# Calling Chef Colin..........



## sudsy9977

what's up with this new restaurant i'm hearing about?????????????????.....people wanna know......ryan


----------



## Chef Niloc

Word travel fast, I only told one person!
Yes I'm opening a new place. I started about 2 months ago. The the B. S. Work is done. This Wednesday the fun starts, putting the kitchen together!! Have 80k worth of equipment siting in boxes right now. I should be open by May 1st. 
With this new forum and all I got the idea to do a " new restaurant, W.I.P." thread, kinda like the knife makers do when they make a knife.


----------



## Dave Martell

Chef Niloc said:


> Word travel fast, I only told one person!
> Yes I'm opening a new place. I started about 2 months ago. The the B. S. Work is done. This Wednesday the fun starts, putting the kitchen together!! Have 80k worth of equipment siting in boxes right now. I should be open by May 1st.
> With this new forum and all I got the idea to do a " new restaurant, W.I.P." thread, kinda like the knife makers do when they make a knife.

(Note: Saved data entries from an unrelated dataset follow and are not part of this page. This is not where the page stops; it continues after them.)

Definition phrase_start S k : nat := sumn (map phrase_span (take k (lz77 S))).

Lemma lz_fromS f u S : lz_from f.+1 u S =
  if drop (u + phrase_len S u) S is a :: _ then
    (phrase_src S u, phrase_len S u, a) :: lz_from f (u + phrase_len S u).+1 S
  else [::].
Proof. by []. Qed.

Lemma lz_from_oversize f u S : size S <= u -> lz_from f u S = [::].
Proof.
by case: f => //= f le_Su; rewrite drop_oversize // (leq_trans le_Su) ?leq_addr.
Qed.

Lemma drop_lz_from n f u S : drop n (lz_from f u S) =
  lz_from (f - n) (u + sumn (map phrase_span (take n (lz_from f u S)))) S.
Proof.
elim: n f u => [|n IH] [|f] u; rewrite ?drop0 ?take0 ?addn0 //= .
case E: (drop (u + phrase_len S u) S) => [|a r] /=;
  last by rewrite IH subSS addnA addnS.
rewrite addn0 lz_from_oversize // leqNgt; apply/negP => /phrase_len_lt_size.
by rewrite -subn_gt0 -size_drop E.
Qed.

Lemma drop_lz77 S k : drop k (lz77 S) = lz_from (size S - k) (phrase_start S k) S.
Proof. exact: drop_lz_from. Qed.

Lemma leq_phrase_start S k : k <= size (lz77 S) -> k <= phrase_start S k.
Proof.
move=> le_k; rewrite -[k in k <= _](size_takel le_k) /phrase_start.
by elim: (take k _) => //= t s IH; rewrite -add1n leq_add.
Qed.

Lemma lz_from_common_prefix A B n fA fB u :
  take u A = take u B -> u <= size A ->
  n <= lcp (lz_from fA u A) (lz_from fB u B) ->
  let v := u + sumn (map phrase_span (take n (lz_from fA u A))) in
  take v A = take v B /\ v <= size A.
Proof.
elim: n fA fB u => [|n IH] fA fB u eq_u le_u; first by rewrite take0 addn0.
case: fA fB => [|fA] [|fB] //; first by rewrite lcpC.
rewrite !lz_fromS.
case EA: (drop (u + phrase_len A u) A) => [|a ra] //.
case EB: (drop (u + phrase_len B u) B) => [|b rb] //=.
case: ifP => // /eqP [eq_src eq_len eq_ab]; rewrite ltnS => le_n.
rewrite -eq_len -eq_ab in EB le_n.
have lt_size : u + phrase_len A u < size A by rewrite -subn_gt0 -size_drop EA.
have eq_next : take (u + phrase_len A u).+1 A = take (u + phrase_len A u).+1 B.
  rewrite !takeDS EA EB eq_u; congr (_ ++ _ ++ _); last by rewrite /= !take0.
  have /andP[le_src /eqP occA] := is_source_phrase A u.
  have /andP[_ /eqP occB] := is_source_phrase B u.
  by rewrite -occA (eq_take_drop le_src eq_u) eq_len eq_src occB.
by rewrite /phrase_span /= addnA addnS; apply: IH le_n.
Qed.
End Parse.

Definition lz_probe (T : eqType) (S : seq T) (k L s : nat) : nat :=
  lcp (drop (phrase_start S k) S) (take L (drop s S)).

Section CommonParse.
Variables (T : eqType) (A B : seq T).

Let k := lcp (lz77 A) (lz77 B).
Let p := phrase_start A k.

Lemma phrase_start_lcp : phrase_start B k = p.
Proof. by rewrite /p /phrase_start take_lcp. Qed.

Lemma take_phrase_start : take p A = take p B /\ p <= size A.
Proof.
have := @lz_from_common_prefix _ A B k (size A) (size B) 0.
by rewrite !take0 add0n; apply.
Qed.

Word might travel fast but it didn't travel too far though. Haha 

Man, I sure don't want to think what it must be like to open a restaurant, I wish you much luck! And yes please, a WIP thread would be welcome and would fit right in here in this section.


----------



## chefjbs

looking for some help Chef. Because I'm looking for new employment.


----------



## Jim

Colin,
I hope you will save a table for the gang on you opening night!


----------



## Dave Martell

Jim said:


> Colin,
> I hope you will save a table for the gang on you opening night!



Oh yeah - road trip!


----------



## Dave Martell

DaveMartell said:


> Oh yeah - road trip!


 
Wait, do I have to take a shower and wear clean clothes?


----------



## Jim

DaveMartell said:


> Wait, do I have to take a shower and wear clean clothes?



And shave!


----------



## chazmtb

Jim said:


> And shave!


 
His head is already bald, what else do you want?

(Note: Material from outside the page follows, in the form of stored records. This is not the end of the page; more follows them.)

(* Let $V$ be a positive dimensional real normed vector space and $\varphi:V\to V$ an invertible linear map. Let $C\subseteq V$ be a convex cone with $\varphi(C)=C$. Suppose all eigenvalues of $\varphi$ are of modulus greater than $1$. Then $(\varphi-\operatorname{id}_V)^{-1}(C)\subseteq C$.
   Context: $(\varphi-\operatorname{id}_V)^{-1}(C)$ denotes the preimage of $C$ under the linear map $\varphi-\operatorname{id}_V$. *)

From HB Require Import structures.
From mathcomp Require Import all_boot all_order all_algebra.
From mathcomp Require Import complex.
From mathcomp Require Import reals.
Set Implicit Arguments. Unset Strict Implicit. Unset Printing Implicit Defensive.
Import Order.TTheory GRing.Theory Num.Theory.
Local Open Scope ring_scope.

Definition convex_cone (R : realType) (n : nat) (C : 'rV[R]_n -> Prop) : Prop :=
  forall (a b : R) (x y : 'rV[R]_n), 0 <= a -> 0 <= b -> C x -> C y ->
    C (a *: x + b *: y).

Definition complex_eigenvalue (R : realType) (n : nat) (A : 'M[R]_n)
    (z : R[i]) : Prop :=
  root (map_poly (fun r : R => (r%:C)%C) (char_poly A)) z.

(* With B = A^-1, every complex eigenvalue of B lies in the open unit disc and
   (A - 1)^-1 = B (1 - B)^-1 = sum_(k >= 1) B^k.  Since C need not be closed the
   series is truncated: (1 - B)^-1 = sum_(k < N) B^k + B^N (1 - B)^-1, and the tail
   B^N (1 - B)^-1 is e_N(B) with e_N = X^N g mod char_poly B, where g(B) = (1 - B)^-1.
   Each coefficient sequence N |-> (e_N)_j satisfies the linear recurrence with
   characteristic polynomial char_poly B, whose roots lie in the unit disc, so it
   tends to 0.  For N large all these coefficients exceed -1, which writes
   (A - 1)^-1 as B times a polynomial in B with nonnegative coefficients; such a
   matrix maps the B-invariant cone C into itself. *)

From HB Require Import structures.
From mathcomp Require Import all_boot all_order all_algebra.
From mathcomp Require Import complex.
From mathcomp Require Import reals.
From mathcomp Require Import lra.
Import Normc.
Set Implicit Arguments. Unset Strict Implicit. Unset Printing Implicit Defensive.
Import Order.TTheory GRing.Theory Num.Theory.
Local Open Scope ring_scope.

Lemma bernoulli_ineq (R : realDomainType) (d : R) (k : nat) :
  0 <= d -> 1 + k%:R * d <= (1 + d) ^+ k.
Proof.
move=> d_ge0; elim: k => [|k IHk]; first by rewrite expr0 mul0r addr0.
rewrite exprS -natr1; have kd_ge0 : 0 <= k%:R * d by rewrite mulr_ge0.
nra.
Qed.

Lemma exists_exprn_lt (R : archiRealFieldType) (c eta : R) :
  0 <= c < 1 -> 0 < eta -> exists k : nat, c ^+ k < eta.
Proof.
case/andP=> c_ge0 c_lt1 eta_gt0.
have [->|c_neq0] := eqVneq c 0; first by exists 1%N; rewrite expr1.
have c_gt0 : 0 < c by rewrite lt_def c_neq0.
pose d := c^-1 - 1.
have d_gt0 : 0 < d by rewrite subr_gt0 invf_gt1.
have cE : c = (1 + d)^-1 by rewrite /d addrC subrK invrK.
pose k := Num.bound (eta * d)^-1.
have k_gt : (eta * d)^-1 < k%:R by rewrite archi_boundP // invr_ge0 ltW ?mulr_gt0.
exists k; rewrite cE exprVn invf_plt ?posrE ?exprn_gt0 ?mulr_gt0 //; last by rewrite ltr_wpDr ?ltW.
apply: lt_le_trans (bernoulli_ineq k (ltW d_gt0)).
have : eta^-1 < k%:R * d by rewrite -ltr_pdivrMr // -invfM.
lra.
Qed.

Definition eventually (P : nat -> Prop) : Prop :=
  exists M, forall N, (M <= N)%N -> P N.

Definition vanishing (R : rcfType) (u : nat -> R[i]) : Prop :=
  forall e : R, 0 < e -> eventually (fun N => normc (u N) < e).

Lemma eventually_forall (I : finType) (P : I -> nat -> Prop) :
  (forall i, eventually (P i)) -> eventually (fun N => forall i, P i N).
Proof.
move=> /fin_all_exists[M PM]; exists (\max_i M i) => N le_MN i.
by apply: PM; apply: leq_trans le_MN; apply: leq_bigmax.
Qed.

Lemma vanishing_linear_recursion (R : realType) (l : R[i]) (u w : nat -> R[i]) :
  normc l < 1 -> (forall N, u N.+1 = l * u N + w N) -> vanishing w -> vanishing u.
Proof.
move=> l_lt1 uS w0 e e_gt0; set c : R := normc l.
have c_ge0 : 0 <= c by rewrite /c; case: (l) => a b; rewrite sqrtr_ge0.
have [M wM] : eventually (fun N => normc (w N) < e * (1 - c) / 2).
  by apply: w0; rewrite divr_gt0 ?mulr_gt0 ?subr_gt0.
pose a N := normc (u N) - e / 2.
have aS N : (M <= N)%N -> a N.+1 <= c * a N.
  move=> /wM; rewrite /a uS; have := le_normcD (l * u N) (w N).
  by rewrite normcM -/c; lra.
pose K := `|a M|.
have aK k : a (M + k)%N <= c ^+ k * K.
  elim: k => [|k IHk]; first by rewrite addn0 expr0 mul1r ler_norm.
  rewrite addnS exprS -mulrA; apply: le_trans (aS _ (leq_addr _ _)) _.
  by rewrite ler_wpM2l.
have K1_gt0 : 0 < K + 1 by rewrite ltr_wpDl ?normr_ge0.
have [k ck] : exists k, c ^+ k < e / (2 * (K + 1)).
  by apply: exists_exprn_lt; rewrite ?c_ge0 ?divr_gt0 ?mulr_gt0.
exists (M + k)%N => N le_N; rewrite -(subnKC (leq_trans (leq_addr k M) le_N)).
have : c ^+ (N - M) * K <= c ^+ k * (K + 1).
  rewrite ler_pM ?exprn_ge0 ?normr_ge0 ?lerDl ?ler_wiXn2l ?(ltW l_lt1) //.
  by rewrite leq_subRL // (leq_trans (leq_addr k M) le_N).
have ckK : c ^+ k * (K + 1) < e / 2 by rewrite -ltr_pdivlMr // -mulrA -invfM.
have := aK (N - M)%N; rewrite /a; lra.
Qed.

(* [shift_eval p u N] is [(p(S) u) N], where [S] is the shift [u |-> u \o succn]. *)
Definition shift_eval (F : nzRingType) (p : {poly F}) (u : nat -> F) (N : nat) : F :=
  \sum_(i < size p) p`_i * u (N + i)%N.

Lemma shift_eval_widen (F : nzRingType) (p : {poly F}) u N K : (size p <= K)%N ->
  shift_eval p u N = \sum_(i < K) p`_i * u (N + i)%N.
Proof.
move=> le_pK; rewrite /shift_eval (big_ord_widen _ (fun i => p`_i * u (N + i)%N) le_pK).
rewrite big_mkcond /=.
by apply: eq_bigr => i _; case: ltnP => // /(nth_default 0) ->; rewrite mul0r.
Qed.

Lemma shift_eval_mulXsubC (F : comNzRingType) (q : {poly F}) l u N :
  shift_eval (q * ('X - l%:P)) u N = shift_eval q (fun N => u N.+1 - l * u N) N.
Proof.
have le_size : (size (q * ('X - l%:P))%R <= (size q).+1)%N.
  by apply: leq_trans (size_polyMleq _ _) _; rewrite size_XsubC addn2.
rewrite (shift_eval_widen _ _ le_size) /shift_eval.
under eq_bigr do rewrite mulrBr coefB coefMX coefMC mulrBl.
rewrite sumrB big_ord_recl big_ord_recr /= mul0r add0r.
rewrite [q`_(size q)]nth_default // !mul0r addr0 -sumrB.
apply: eq_bigr => i _.
by rewrite /bump /= add1n addnS mulrBr mulrA [q`_i * l]mulrC.
Qed.

Lemma shift_eval_map (F : fieldType) (K : nzRingType) (f : {rmorphism F -> K})
    (p : {poly F}) u N :
  shift_eval (map_poly f p) (f \o u) N = f (shift_eval p u N).
Proof.
rewrite /shift_eval size_map_poly rmorph_sum.
by apply: eq_bigr => i _; rewrite coef_map rmorphM.
Qed.

Lemma shift_eval_coef_modp (F : fieldType) (p g : {poly F}) j N :
  shift_eval p (fun N => (('X^N * g) %% p)`_j) N = 0.
Proof.
rewrite /shift_eval.
transitivity ((\sum_(i < size p) p`_i *: ('X^(N + i) * g)) %% p)`_j.
  rewrite (big_morph (fun q => q %% p) (modpD p) (mod0p p)) coef_sum.
  by apply: eq_bigr => i _; rewrite modpZl coefZ.
suff -> : \sum_(i < size p) p`_i *: ('X^(N + i) * g) = ('X^N * g) * p.
  by rewrite modp_mull coef0.
rewrite -[p in RHS]coefK poly_def mulr_sumr; apply: eq_bigr => i _.
by rewrite exprD -scalerAr mulrAC.
Qed.

Lemma vanishing_of_recurrence (R : realType) (p : {poly R[i]}) (u : nat -> R[i]) :
  p != 0 -> (forall z, root p z -> normc z < 1) ->
  (forall N, shift_eval p u N = 0) -> vanishing u.
Proof.
rewrite -size_poly_eq0; case sz_p: (size p) => [//|k] _.
elim: k p u sz_p => [|k IHk] p u sz_p roots_lt1 pu0 e e_gt0.
  have p0_neq0 : p`_0 != 0.
    by rewrite -[0%N]/(1.-1) -sz_p -lead_coefE lead_coef_eq0 -size_poly_eq0 sz_p.
  exists 0%N => N _; move: (pu0 N) => /eqP.
  rewrite /shift_eval sz_p big_ord1 addn0 mulf_eq0 (negbTE p0_neq0) => /eqP ->.
  by rewrite normc0.
have [l root_l] : exists l, root p l by apply/closed_rootP; rewrite sz_p.
have [q def_p] := factor_theorem _ _ root_l.
have q_neq0 : q != 0 by apply: contra_eq_neq sz_p => q0; rewrite def_p q0 mul0r size_poly0.
have sz_q : size q = k.+1.
  by move: sz_p; rewrite def_p size_mul ?polyXsubC_eq0 // size_XsubC addn2 => -[].
apply: (@vanishing_linear_recursion _ l _ (fun N => u N.+1 - l * u N)) => //.
- exact: roots_lt1.
- by move=> N; rewrite addrC subrK.
apply: (IHk q) => // [z root_z|N]; first by apply: roots_lt1; rewrite def_p rootM root_z.
by rewrite -shift_eval_mulXsubC -def_p.
Qed.

Lemma eigenvalue_invmx (F : fieldType) n (A : 'M[F]_n) a :
  A \in unitmx -> eigenvalue (invmx A) a -> eigenvalue A a^-1.
Proof.
move=> A_unit /eigenvalueP[v vB v_neq0]; apply/eigenvalueP; exists v => //.
have vE : v = a *: (v *m A) by rewrite scalemxAl -vB mulmxKV.
have a_neq0 : a != 0 by apply: contra_neq v_neq0 => a0; rewrite vE a0 scale0r.
by rewrite [in RHS]vE scalerA mulVf ?scale1r.
Qed.

Lemma complex_eigenvalue_invmx (R : realType) n (A : 'M[R]_n) z :
  A \in unitmx -> complex_eigenvalue (invmx A) z -> complex_eigenvalue A z^-1.
Proof.
rewrite /complex_eigenvalue !map_char_poly -!eigenvalue_root_char map_invmx.
by rewrite -(map_unitmx (real_complex R)); apply: eigenvalue_invmx.
Qed.

Lemma horner_mx_inv_sub (F : fieldType) n (B : 'M[F]_n.+1) a :
  ~~ root (char_poly B) a -> exists g, (a%:M - B) * horner_mx B g = 1.
Proof.
rewrite -coprimep_XsubC => /Bezout_eq1_coprimepP[[g1 g2] /= bezout].
exists (- g2); move/(congr1 (horner_mx B)): bezout.
rewrite [g2 * _]mulrC rmorphD !rmorphM /= Cayley_Hamilton mulr0 add0r rmorph1 => <-.
by rewrite rmorphN rmorphB /= horner_mx_X horner_mx_C mulrN -mulNr opprB.
Qed.

Lemma subr1_mul_geometric (R : pzRingType) (b g : R) N :
  (1 - b) * g = 1 -> (1 - b) * (\sum_(k < N) b ^+ k + b ^+ N * g) = 1.
Proof.
move=> bg; have comm_b : GRing.comm (1 - b) (b ^+ N).
  by apply: commrX; rewrite /GRing.comm mulrBl mulrBr mul1r mulr1.
rewrite mulrDr mulrA comm_b -mulrA bg mulr1 -opprB mulNr -subrX1.
by rewrite opprB subrK.
Qed.

Lemma normc_real (R : rcfType) (r : R) : normc (r%:C)%C = `|r|.
Proof. by rewrite /normc /= expr0n addr0 sqrtr_sqr. Qed.

Lemma subr1_inv_nonneg_poly (R : realType) n (B : 'M[R]_n.+1) :
  (forall z, complex_eigenvalue B z -> `|z| < 1) ->
  exists N (c : nat -> R), (forall k, 0 <= c k) /\ (1 - B) * \sum_(k < N) c k *: B ^+ k = 1.
Proof.
move=> eig_lt1; set p := char_poly B.
have roots_lt1 z : root (map_poly (real_complex R) p) z -> normc z < 1.
  by move=> /eig_lt1; rewrite -(ltcR (normc z) 1).
have p_neq0 : p != 0 by rewrite -size_poly_eq0 size_char_poly.
have [g Bg] : exists g, (1 - B) * horner_mx B g = 1.
  apply: horner_mx_inv_sub; apply/negP => /(rmorph_root (real_complex R))/roots_lt1.
  by rewrite rmorph1 normc1 ltxx.
pose e N := ('X^N * g) %% p.
have e_horner N : horner_mx B (e N) = B ^+ N * horner_mx B g.
  move/(congr1 (horner_mx B)): (divp_eq ('X^N * g) p).
  rewrite rmorphD !rmorphM /= Cayley_Hamilton mulr0 add0r => <-.
  by rewrite rmorphXn /= horner_mx_X.
have size_e N : (size (e N) <= n.+1)%N by rewrite -ltnS -(size_char_poly B) ltn_modp.
have e_vanish (j : nat) : vanishing (fun N => (((e N)`_j)%:C)%C).
  apply: (vanishing_of_recurrence (p := map_poly (real_complex R) p)) => // [|N].
    by rewrite map_poly_eq0.
  by rewrite (shift_eval_map (real_complex R)) shift_eval_coef_modp.
have [M e_small] := eventually_forall (fun j : 'I_n.+1 => e_vanish j 1 ltr01).
pose N := (M + n.+1)%N; have le_n_N : (n.+1 <= N)%N by rewrite leq_addl.
exists N, (fun k => 1 + (e N)`_k); split=> [k|].
  have [lt_k_n|le_n_k] := ltnP k n.+1; last first.
    by rewrite nth_default ?addr0 // (leq_trans (size_e N)).
  have := e_small N (leq_addr _ _) (Ordinal lt_k_n); rewrite normc_real ltr_norml /=.
  by case/andP=> /ltW; rewrite -subr_ge0 opprK addrC.
have -> : \sum_(k < N) (1 + (e N)`_k) *: B ^+ k = \sum_(k < N) B ^+ k + B ^+ N * horner_mx B g.
  rewrite -e_horner -[X in horner_mx _ X](take_poly_id (leq_trans (size_e N) le_n_N)).
  rewrite /take_poly poly_def rmorph_sum -big_split /=.
  by apply: eq_bigr => k _; rewrite scalerDl scale1r horner_mxZ rmorphXn /= horner_mx_X.
exact: subr1_mul_geometric.
Qed.

Lemma convex_cone0 (R : realType) n (C : 'rV[R]_n -> Prop) x :
  convex_cone C -> C x -> C 0.
Proof. by move=> hC Cx; have := hC 0 0 x x (lexx _) (lexx _) Cx Cx; rewrite !scale0r addr0. Qed.

Lemma convex_cone_sum (R : realType) n (C : 'rV[R]_n -> Prop) (I : Type) (r : seq I)
    (c : I -> R) (v : I -> 'rV[R]_n) :
  convex_cone C -> C 0 -> (forall i, 0 <= c i) -> (forall i, C (v i)) ->
  C (\sum_(i <- r) c i *: v i).
Proof.
move=> hC C0 c_ge0 Cv; apply: big_ind => // [x y Cx Cy | i _].
  by have := hC 1 1 x y ler01 ler01 Cx Cy; rewrite !scale1r.
by have := hC (c i) 0 _ _ (c_ge0 i) (lexx _) (Cv i) (Cv i); rewrite scale0r addr0.
Qed.

Theorem proposition3p2 (R : realType) (n : nat) (A : 'M[R]_n)
  (C : 'rV[R]_n -> Prop)
  (hn : (0 < n)%N)
  (hA : A \in unitmx)
  (hC : convex_cone C)
  (hinv : forall y : 'rV[R]_n, C y <-> exists x, C x /\ x *m A = y)
  (heig : forall z : R[i], complex_eigenvalue A z -> 1 < `|z|) :
  forall x : 'rV[R]_n, C (x *m A - x) -> C x.
Proof.
case: n hn A C hA hC hinv heig => // n _ A C hA hC hinv heig x Cy.
set B := invmx A.
have CB z k : C z -> C (z *m B ^+ k).
  elim: k => [|k IHk] Cz; first by rewrite expr0 mulmx1.
  have [w [Cw wA]] := (hinv _).1 (IHk Cz).
  by rewrite exprSr -mulmxE mulmxA -wA mulmxK.
have eigB z : complex_eigenvalue B z -> `|z| < 1.
  move=> /(complex_eigenvalue_invmx hA)/heig.
  have [->|z_neq0] := eqVneq z 0; first by rewrite invr0 normr0 ltr10.
  by rewrite normfV invf_gt1 ?normr_gt0.
have [N [c [c_ge0 BS]]] := subr1_inv_nonneg_poly eigB.
have AB : (A - 1) * B = 1 - B by rewrite mulrBl mul1r -mulmxE mulmxV.
have -> : x = (x *m A - x) *m (B * \sum_(k < N) c k *: B ^+ k).
  by rewrite -[X in _ *m A - X]mulmx1 -mulmxBr -mulmxA mulmxE mulrA AB BS mulmx1.
rewrite mulr_sumr mulmx_sumr.
under eq_bigr do rewrite -scalerAr -exprS -scalemxAr.
by apply: convex_cone_sum => //; [apply: convex_cone0 Cy | move=> k; apply: CB].
Qed.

Hope to make it to your place Chef. We try to hit NYC once or twice a year.


----------



## Chef Niloc

DaveMartell said:


> Wait, do I have to take a shower and wear clean clothes?


 
Nopp, casual waterfront catering to nautical diners. I.E. Free parking for cars and boats, a rarity in NY. 
& don't worry if ya get to drunk & can't make it home B/C I'm building it in a old motel. I'm turning the rooms into "chic" retro 1970's Vagus look


----------



## ecchef

Chef Niloc said:


> Nopp, casual waterfront catering to nautical diners. I.E. Free parking for cars and boats, a rarity in NY.
> & don't worry if ya get to drunk & can't make it home B/C I'm building it in a old motel. I'm turning the rooms into "chic" retro 1970's Vagus look



I am sooo confused. Free boat parking in NYC? Motel? Welcome to Strangeland....Colin Style!


----------



## Dave Martell

ecchef said:


> I am sooo confused. Free boat parking in NYC? Motel? Welcome to Strangeland....Colin Style!


----------



## Jim

Staten Island, Manhattan Island, Long Island-We are drowning in it.


----------



## Dave Martell

Yeah but wheres the motel?


----------



## Chef Niloc

Not NYC Long Island, 30 min from NYC.


----------



## JohnnyChance

wow awesome. how many rooms? nice "archway" over the entrance.


----------



## ThEoRy

Chef Niloc said:


> Not NYC Long Island, 30 min from NYC.


 
Holy **** that is some serious seriousness!!


----------



## Dave Martell

Colin are you kidding us?


----------



## Chef Niloc

No, that's a old pic before the renovation. I only own 1/2 the restaurant, not the whole "hotel" I call it a Motel because the entrance to the rooms is only from the out side. It only 80 rooms, old place had 180 but all the wall were ripped out & the rooms made bigger. The back 2 building are no longer there, boat slips were put in. The pool is also no longer there, it was filled in back in the 80's, owner at the time did it to drop the insurance.


----------



## JohnnyChance

So when are you guys hoping to be up and running?


----------



## Chef Niloc

May 1st


----------



## apicius9

Very cool. If I make it out there later this year, I will pre-order a room and the wine list 

Stefan


----------



## Crazy Cutter

Wow, that's a fine looking place Colin, you're gonna have to post some more up to date pix, have you got a website up and running for it yet?

Jim


----------



## WildBoar

Sounds like a cool -- and demanding -- project. Good luck, and look for the humor whenever there's a misstep in the construction process. It will help keep you sane


----------



## Dave Martell

Colin, good thing you're crazy because you'll need to be for this one.


----------



## sudsy9977

ohh man....am i gonna miss the road trip......i am leaving to go to tscotland on may 1st......ryan


----------



## Jim

Colin whats the menu going to be like? 

May first is on my calender!


----------



## sudsy9977

jim u suck....dave if you're goin i'm gonna be pissed...u guys gotta go again when i come back!!!!!!!!!!!!.....ryan


----------



## Jim

sudsy9977 said:


> jim u suck....dave if you're goin i'm gonna be pissed...u guys gotta go again when i come back!!!!!!!!!!!!.....ryan



One thing Ryan- I am ALWAYS open to going out to eat at Colins place! Last time he fed me was a flat out terrific meal.


----------



## Dave Martell

What's in Scotland?


----------



## sudsy9977

i don't know...i've never been there......ryan


----------



## Jim

sudsy9977 said:


> i don't know...i've never been there......ryan


 
Too funny!


----------



## Chef Niloc

DaveMartell said:


> What's in Scotland?


 
Scots?


----------